──────── Given information
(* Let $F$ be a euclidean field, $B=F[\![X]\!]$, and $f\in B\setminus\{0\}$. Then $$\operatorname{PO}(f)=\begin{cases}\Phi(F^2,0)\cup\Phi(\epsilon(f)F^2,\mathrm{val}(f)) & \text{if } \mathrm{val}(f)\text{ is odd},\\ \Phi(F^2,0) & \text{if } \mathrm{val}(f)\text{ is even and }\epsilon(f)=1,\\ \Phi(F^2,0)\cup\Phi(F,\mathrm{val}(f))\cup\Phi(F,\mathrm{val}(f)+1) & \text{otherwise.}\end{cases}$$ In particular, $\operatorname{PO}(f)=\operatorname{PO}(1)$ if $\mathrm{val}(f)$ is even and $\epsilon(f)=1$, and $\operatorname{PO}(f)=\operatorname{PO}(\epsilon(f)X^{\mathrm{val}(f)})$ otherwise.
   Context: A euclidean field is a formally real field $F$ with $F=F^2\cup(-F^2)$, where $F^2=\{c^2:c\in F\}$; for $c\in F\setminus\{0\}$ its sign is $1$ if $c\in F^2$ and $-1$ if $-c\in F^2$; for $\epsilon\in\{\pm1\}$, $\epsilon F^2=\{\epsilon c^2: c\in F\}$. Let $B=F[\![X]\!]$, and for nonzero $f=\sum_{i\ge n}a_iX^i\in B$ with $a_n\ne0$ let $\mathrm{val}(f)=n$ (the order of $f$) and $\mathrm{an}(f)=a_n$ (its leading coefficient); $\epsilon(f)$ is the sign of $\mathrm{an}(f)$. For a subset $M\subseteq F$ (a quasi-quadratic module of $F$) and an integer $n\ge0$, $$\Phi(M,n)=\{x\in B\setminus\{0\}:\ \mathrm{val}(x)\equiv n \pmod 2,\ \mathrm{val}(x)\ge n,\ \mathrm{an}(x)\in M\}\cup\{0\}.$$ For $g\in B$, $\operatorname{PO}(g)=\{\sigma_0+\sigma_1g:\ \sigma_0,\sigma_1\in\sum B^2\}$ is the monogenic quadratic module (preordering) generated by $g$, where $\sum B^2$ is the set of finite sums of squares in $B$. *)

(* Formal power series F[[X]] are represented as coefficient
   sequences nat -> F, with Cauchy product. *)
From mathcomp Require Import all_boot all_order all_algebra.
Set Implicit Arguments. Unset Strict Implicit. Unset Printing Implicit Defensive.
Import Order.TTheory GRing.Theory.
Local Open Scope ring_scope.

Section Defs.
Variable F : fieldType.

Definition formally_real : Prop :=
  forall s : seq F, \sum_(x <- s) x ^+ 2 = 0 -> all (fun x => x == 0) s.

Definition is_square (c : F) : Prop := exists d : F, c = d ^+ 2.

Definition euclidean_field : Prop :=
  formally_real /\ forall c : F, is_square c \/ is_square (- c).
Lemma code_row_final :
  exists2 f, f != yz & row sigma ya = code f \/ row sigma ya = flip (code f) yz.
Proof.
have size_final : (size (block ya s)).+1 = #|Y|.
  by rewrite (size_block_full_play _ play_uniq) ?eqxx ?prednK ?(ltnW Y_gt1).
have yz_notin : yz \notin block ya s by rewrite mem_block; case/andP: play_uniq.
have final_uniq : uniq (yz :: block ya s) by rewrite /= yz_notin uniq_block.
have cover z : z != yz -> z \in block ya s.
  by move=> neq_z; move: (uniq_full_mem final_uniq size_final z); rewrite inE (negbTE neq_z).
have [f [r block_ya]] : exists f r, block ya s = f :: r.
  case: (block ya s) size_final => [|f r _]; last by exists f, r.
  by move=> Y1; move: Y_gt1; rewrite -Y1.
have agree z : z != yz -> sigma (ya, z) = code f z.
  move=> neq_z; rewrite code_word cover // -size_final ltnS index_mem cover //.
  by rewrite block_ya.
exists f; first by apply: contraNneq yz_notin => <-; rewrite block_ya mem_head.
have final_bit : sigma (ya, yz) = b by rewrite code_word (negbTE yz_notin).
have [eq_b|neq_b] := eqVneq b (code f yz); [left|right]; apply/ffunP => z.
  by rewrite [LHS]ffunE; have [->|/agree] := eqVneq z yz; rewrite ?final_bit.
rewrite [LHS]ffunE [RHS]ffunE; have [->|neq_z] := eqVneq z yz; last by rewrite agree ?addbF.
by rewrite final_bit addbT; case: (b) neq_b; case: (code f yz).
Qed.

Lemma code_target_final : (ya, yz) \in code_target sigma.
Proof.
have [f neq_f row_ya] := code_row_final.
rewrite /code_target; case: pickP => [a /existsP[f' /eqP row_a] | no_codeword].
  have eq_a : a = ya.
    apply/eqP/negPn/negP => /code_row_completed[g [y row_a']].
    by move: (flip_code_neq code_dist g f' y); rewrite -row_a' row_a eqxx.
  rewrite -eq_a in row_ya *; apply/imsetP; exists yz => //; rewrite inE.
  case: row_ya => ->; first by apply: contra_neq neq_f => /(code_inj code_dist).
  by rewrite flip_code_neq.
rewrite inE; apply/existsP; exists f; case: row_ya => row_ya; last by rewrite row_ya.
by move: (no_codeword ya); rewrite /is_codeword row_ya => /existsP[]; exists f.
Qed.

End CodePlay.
────────────────
Make a word-for-word transcription of the listing above.

(* Let $F$ be a euclidean field, $B=F[\![X]\!]$, and $f\in B\setminus\{0\}$. Then $$\operatorname{PO}(f)=\begin{cases}\Phi(F^2,0)\cup\Phi(\epsilon(f)F^2,\mathrm{val}(f)) & \text{if } \mathrm{val}(f)\text{ is odd},\\ \Phi(F^2,0) & \text{if } \mathrm{val}(f)\text{ is even and }\epsilon(f)=1,\\ \Phi(F^2,0)\cup\Phi(F,\mathrm{val}(f))\cup\Phi(F,\mathrm{val}(f)+1) & \text{otherwise.}\end{cases}$$ In particular, $\operatorname{PO}(f)=\operatorname{PO}(1)$ if $\mathrm{val}(f)$ is even and $\epsilon(f)=1$, and $\operatorname{PO}(f)=\operatorname{PO}(\epsilon(f)X^{\mathrm{val}(f)})$ otherwise.
   Context: A euclidean field is a formally real field $F$ with $F=F^2\cup(-F^2)$, where $F^2=\{c^2:c\in F\}$; for $c\in F\setminus\{0\}$ its sign is $1$ if $c\in F^2$ and $-1$ if $-c\in F^2$; for $\epsilon\in\{\pm1\}$, $\epsilon F^2=\{\epsilon c^2: c\in F\}$. Let $B=F[\![X]\!]$, and for nonzero $f=\sum_{i\ge n}a_iX^i\in B$ with $a_n\ne0$ let $\mathrm{val}(f)=n$ (the order of $f$) and $\mathrm{an}(f)=a_n$ (its leading coefficient); $\epsilon(f)$ is the sign of $\mathrm{an}(f)$. For a subset $M\subseteq F$ (a quasi-quadratic module of $F$) and an integer $n\ge0$, $$\Phi(M,n)=\{x\in B\setminus\{0\}:\ \mathrm{val}(x)\equiv n \pmod 2,\ \mathrm{val}(x)\ge n,\ \mathrm{an}(x)\in M\}\cup\{0\}.$$ For $g\in B$, $\operatorname{PO}(g)=\{\sigma_0+\sigma_1g:\ \sigma_0,\sigma_1\in\sum B^2\}$ is the monogenic quadratic module (preordering) generated by $g$, where $\sum B^2$ is the set of finite sums of squares in $B$. *)

(* Formal power series F[[X]] are represented as coefficient
   sequences nat -> F, with Cauchy product. *)
From mathcomp Require Import all_boot all_order all_algebra.
Set Implicit Arguments. Unset Strict Implicit. Unset Printing Implicit Defensive.
Import Order.TTheory GRing.Theory.
Local Open Scope ring_scope.

Section Defs.
Variable F : fieldType.

Definition formally_real : Prop :=
  forall s : seq F, \sum_(x <- s) x ^+ 2 = 0 -> all (fun x => x == 0) s.

Definition is_square (c : F) : Prop := exists d : F, c = d ^+ 2.

Definition euclidean_field : Prop :=
  formally_real /\ forall c : F, is_square c \/ is_square (- c).
Lemma code_row_final :
  exists2 f, f != yz & row sigma ya = code f \/ row sigma ya = flip (code f) yz.
Proof.
have size_final : (size (block ya s)).+1 = #|Y|.
  by rewrite (size_block_full_play _ play_uniq) ?eqxx ?prednK ?(ltnW Y_gt1).
have yz_notin : yz \notin block ya s by rewrite mem_block; case/andP: play_uniq.
have final_uniq : uniq (yz :: block ya s) by rewrite /= yz_notin uniq_block.
have cover z : z != yz -> z \in block ya s.
  by move=> neq_z; move: (uniq_full_mem final_uniq size_final z); rewrite inE (negbTE neq_z).
have [f [r block_ya]] : exists f r, block ya s = f :: r.
  case: (block ya s) size_final => [|f r _]; last by exists f, r.
  by move=> Y1; move: Y_gt1; rewrite -Y1.
have agree z : z != yz -> sigma (ya, z) = code f z.
  move=> neq_z; rewrite code_word cover // -size_final ltnS index_mem cover //.
  by rewrite block_ya.
exists f; first by apply: contraNneq yz_notin => <-; rewrite block_ya mem_head.
have final_bit : sigma (ya, yz) = b by rewrite code_word (negbTE yz_notin).
have [eq_b|neq_b] := eqVneq b (code f yz); [left|right]; apply/ffunP => z.
  by rewrite [LHS]ffunE; have [->|/agree] := eqVneq z yz; rewrite ?final_bit.
rewrite [LHS]ffunE [RHS]ffunE; have [->|neq_z] := eqVneq z yz; last by rewrite agree ?addbF.
by rewrite final_bit addbT; case: (b) neq_b; case: (code f yz).
Qed.

Lemma code_target_final : (ya, yz) \in code_target sigma.
Proof.
have [f neq_f row_ya] := code_row_final.
rewrite /code_target; case: pickP => [a /existsP[f' /eqP row_a] | no_codeword].
  have eq_a : a = ya.
    apply/eqP/negPn/negP => /code_row_completed[g [y row_a']].
    by move: (flip_code_neq code_dist g f' y); rewrite -row_a' row_a eqxx.
  rewrite -eq_a in row_ya *; apply/imsetP; exists yz => //; rewrite inE.
  case: row_ya => ->; first by apply: contra_neq neq_f => /(code_inj code_dist).
  by rewrite flip_code_neq.
rewrite inE; apply/existsP; exists f; case: row_ya => row_ya; last by rewrite row_ya.
by move: (no_codeword ya); rewrite /is_codeword row_ya => /existsP[]; exists f.
Qed.

End CodePlay.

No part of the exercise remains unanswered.